Currently, set_attention_backend() works correctly when called on a top-level model (e.g. pipe.transformer.set_attention_backend("sage_hub")), but fails silently when called on individual attention submodules. This means it is not possible to apply a hub-based attention backend (like sage_hub) to only specific transformer blocks of a model.

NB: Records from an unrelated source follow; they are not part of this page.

Local Notation avg := (wavg (pl_term th (sum_exp th B)) (perms T)).
Local Notation m := (INR (length T)).
Local Notation SB := (sum_exp th B).

Lemma avg_bounds lo hi f :
  (forall s, In s (perms T) -> lo <= f s <= hi) -> lo <= avg f <= hi.
Proof.
  apply wavg_bounds; [|apply perms_neq_nil].
  intros; apply pl_term_pos, sum_exp_nonneg.
Qed.

Lemma perms_nodup_app s : In s (perms T) -> NoDup (s ++ B).
Proof.
  intros Hs; apply (Permutation_NoDup (Permutation_app_tail B (perms_perm T s Hs))).
  apply NoDup_app; auto.
Qed.

Lemma avg_hazard_bounds i : 0 <= avg (hazard th B i) <= m * exp (th i) / SB.
Proof.
  apply avg_bounds; intros s Hs; split; [apply hazard_nonneg|].
  rewrite (Permutation_length (perms_perm T s Hs)).
  apply hazard_le; [exact B_ne | apply perms_nodup_app, Hs].
Qed.

Lemma lsum_avg_hazard_le : lsum (fun i => avg (hazard th B i)) T <= m.
Proof.
  rewrite (wavg_lsum _ _ (fun i => hazard th B i)).
  apply avg_bounds with (lo := 0); intros s Hs; split.
  - apply lsum_nonneg; intros; apply hazard_nonneg.
  - rewrite (Permutation_length (perms_perm T s Hs)). apply lsum_hazard_le, T_nodup.
Qed.

Lemma dlog_PL_in_B i : In i B -> - (m * exp (th i) / SB) <= dlog_PL th T B i <= 0.
Proof.
  intros HiB; apply avg_bounds; intros s Hs. unfold dlog_pl_term.
  rewrite occ_notin.
  - rewrite (Permutation_length (perms_perm T s Hs)).
    pose proof (hazard_nonneg th B i s).
    pose proof (hazard_le th B i s B_ne (perms_nodup_app s Hs)). lra.
  - intros His; apply (TB_disj i); auto.
    apply (Permutation_in i (Permutation_sym (perms_perm T s Hs)) His).
Qed.

Lemma dlog_PL_in_T i : In i T -> dlog_PL th T B i = 1 - avg (hazard th B i).
Proof.
  intros HiT; unfold dlog_PL.
  rewrite <- wavg_const_sub; [|intros; apply pl_term_pos, sum_exp_nonneg | apply perms_neq_nil].
  apply wavg_ext; intros s Hs; unfold dlog_pl_term.
  rewrite occ_in; [reflexivity | |].
  - exact (Permutation_NoDup (perms_perm T s Hs) T_nodup).
  - exact (Permutation_in i (perms_perm T s Hs) HiT).
Qed.

Lemma dlog_PL_notin i : ~ In i T -> ~ In i B -> dlog_PL th T B i = 0.
Proof.
  intros HiT HiB; enough (0 <= dlog_PL th T B i <= 0) by lra.
  apply avg_bounds; intros s Hs; unfold dlog_pl_term.
  assert (His : ~ In i s)
    by (intros H; apply HiT, (Permutation_in i (Permutation_sym (perms_perm T s Hs)) H)).
  rewrite occ_notin, hazard_notin; auto; lra.
Qed.

Lemma lsum_dlog_PL_sq_B eb : (forall i, In i B -> exp (th i) <= eb) ->
  lsum (fun i => dlog_PL th T B i ^ 2) B <= m ^ 2 * eb / SB.
Proof.
  intros Heb. pose proof (sum_exp_pos th B B_ne). pose proof (pos_INR (length T)).
  apply Rle_trans with (lsum (fun i => m * eb / SB * (m / SB * exp (th i))) B).
  - apply lsum_le; intros i Hi. pose proof (dlog_PL_in_B i Hi) as Hd.
    assert (m * exp (th i) / SB <= m * eb / SB).
    { unfold Rdiv; apply Rmult_le_compat_r; [left; apply Rinv_0_lt_compat; lra|].
      apply Rmult_le_compat_l; auto. }
    replace (m / SB * exp (th i)) with (m * exp (th i) / SB) by (field; lra). nra.
  - rewrite !lsum_mult_l. change (lsum (fun i => exp (th i)) B) with SB. right; field; lra.
Qed.

Lemma lsum_dlog_PL_sq_T eb : (forall i, In i T -> exp (th i) <= eb) ->
  lsum (fun i => dlog_PL th T B i ^ 2) T <= m + m ^ 2 * eb / SB.
Proof.
  intros Heb. pose proof (sum_exp_pos th B B_ne). pose proof (pos_INR (length T)).
  assert (Hc : 0 <= m * eb / SB).
  { destruct T as [|t T']; [simpl; unfold Rdiv; lra|].
    pose proof (exp_pos (th t)); pose proof (Heb t (or_introl eq_refl)).
    unfold Rdiv; apply Rmult_le_pos; [apply Rmult_le_pos|left; apply Rinv_0_lt_compat]; lra. }
  apply Rle_trans with (lsum (fun i => 1 + m * eb / SB * avg (hazard th B i)) T).
  - apply lsum_le; intros i Hi. rewrite dlog_PL_in_T by exact Hi.
    pose proof (avg_hazard_bounds i) as HY.
    assert (m * exp (th i) / SB <= m * eb / SB).
    { unfold Rdiv; apply Rmult_le_compat_r; [left; apply Rinv_0_lt_compat; lra|].
      apply Rmult_le_compat_l; auto. }
    nra.
  - rewrite lsum_plus, lsum_const, lsum_mult_l.
    pose proof Rmult_le_compat_l _ _ _ Hc lsum_avg_hazard_le.
    replace (m ^ 2 * eb / SB) with (m * eb / SB * m) by (field; lra). lra.
Qed.

Lemma lsum_dlog_PL_sq_le eb : 1 <= eb -> (forall i, In i (T ++ B) -> / eb <= exp (th i) <= eb) ->
  lsum (fun i => dlog_PL th T B i ^ 2) (T ++ B)
    <= 2 * m * (eb * eb) * ((m + INR (length B)) / INR (length B)) ^ 2.
Proof.
  intros Heb Hw.
  pose proof (lsum_dlog_PL_sq_T eb (fun i Hi => proj2 (Hw i (in_or_app _ _ _ (or_introl Hi))))).
  pose proof (lsum_dlog_PL_sq_B eb (fun i Hi => proj2 (Hw i (in_or_app _ _ _ (or_intror Hi))))).
  pose proof (sum_exp_ge th B _ (fun i Hi => proj1 (Hw i (in_or_app _ _ _ (or_intror Hi))))) as HSB.
  pose proof (sum_exp_pos th B B_ne).
  set (k := INR (length B)) in *.
  assert (Hk : 1 <= k).
  { unfold k; destruct B as [|i B']; [congruence|]. rewrite length_cons, S_INR.
    pose proof (pos_INR (length B')); lra. }
  assert (HX : eb / SB <= eb * eb / k).
  { apply Rle_trans with (eb / (k * / eb)).
    - unfold Rdiv; apply Rmult_le_compat_l; [lra|].
      apply Rinv_le_contravar; [apply Rmult_lt_0_compat; [lra|apply Rinv_0_lt_compat]|]; lra.
    - right; field; lra. }
  assert (0 <= eb / SB) by (unfold Rdiv; apply Rmult_le_pos; [|left; apply Rinv_0_lt_compat]; lra).
  pose proof (PL_bound_arith m k (eb * eb) (eb / SB) (pos_INR _) ltac:(lra) ltac:(nra)
    ltac:(split; assumption)).
  rewrite lsum_app; unfold Rdiv in *; lra.
Qed.

End ScoreBounds.

Lemma exp_le_exp x y : x <= y -> exp x <= exp y.
Proof. intros [H| ->]; [left; apply exp_increasing, H | right; reflexivity]. Qed.

Lemma exp_bounds_of_Rabs x b : Rabs x <= b -> / exp b <= exp x <= exp b.
Proof.
  intros H; pose proof (Rle_abs x); pose proof (Rle_abs (- x)); rewrite Rabs_Ropp in *.
  rewrite <- exp_Ropp; split; apply exp_le_exp; lra.
Qed.

Theorem mainTheorem9 (d : nat) (T B : list nat) (theta : nat -> R) (b : R)
  (hTnd : NoDup T) (hBnd : NoDup B)
  (hTne : T <> []) (hBne : B <> [])
  (hdisj : forall i, In i T -> ~ In i B)
  (hTd : forall i, In i T -> (i < d)%nat)
  (hBd : forall i, In i B -> (i < d)%nat)
  (hb : forall i, (i < d)%nat -> Rabs (theta i) <= b) :
  exists g : nat -> R,
    (forall i, (i < d)%nat ->
       derivable_pt_lim (fun t => ln (PL_prob (upd theta i t) T B)) (theta i) (g i)) /\
    sum_list (fun i => (g i) ^ 2) (T ++ B)
      <= 2 * INR (length T) * exp (2 * b)
         * (INR (length T + length B) / (INR (length T + length B) - INR (length T))) ^ 2 /\
    (forall i, (i < d)%nat -> ~ In i T -> ~ In i B -> g i = 0).
Proof.
  exists (dlog_PL theta T B).
  split; [intros; apply derivable_pt_lim_ln_PL|].
  split; [|intros i _; apply dlog_PL_notin].
  assert (Hb0 : 0 <= b).
  { destruct B as [|i B']; [congruence|].
    pose proof (hb i (hBd i (or_introl eq_refl))); pose proof (Rabs_pos (theta i)); lra. }
  replace (INR (length T + length B) - INR (length T)) with (INR (length B))
    by (rewrite plus_INR; ring).
  rewrite plus_INR.
  replace (exp (2 * b)) with (exp b * exp b) by (rewrite <- exp_plus; f_equal; ring).
  apply lsum_dlog_PL_sq_le; auto.
  - rewrite <- exp_0; apply exp_le_exp, Hb0.
  - intros i Hi; apply exp_bounds_of_Rabs, hb.
    apply in_app_or in Hi as [Hi|Hi]; auto.
Qed.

If this is intended behavior, please feel free to close this issue.
Root Cause
There are two set_attention_backend() methods in diffusers:
-
ModelMixin.set_attention_backend(modeling_utils.py:586): Validates the backend, calls_check_attention_backend_requirements()and_maybe_download_kernel_for_backend(), setsprocessor._attention_backendon all child attention modules, and updates the global active backend. -
AttentionModuleMixin.set_attention_backend(attention.py:161): Only validates the backend name and setsself.processor._attention_backend. It does not call_maybe_download_kernel_for_backend().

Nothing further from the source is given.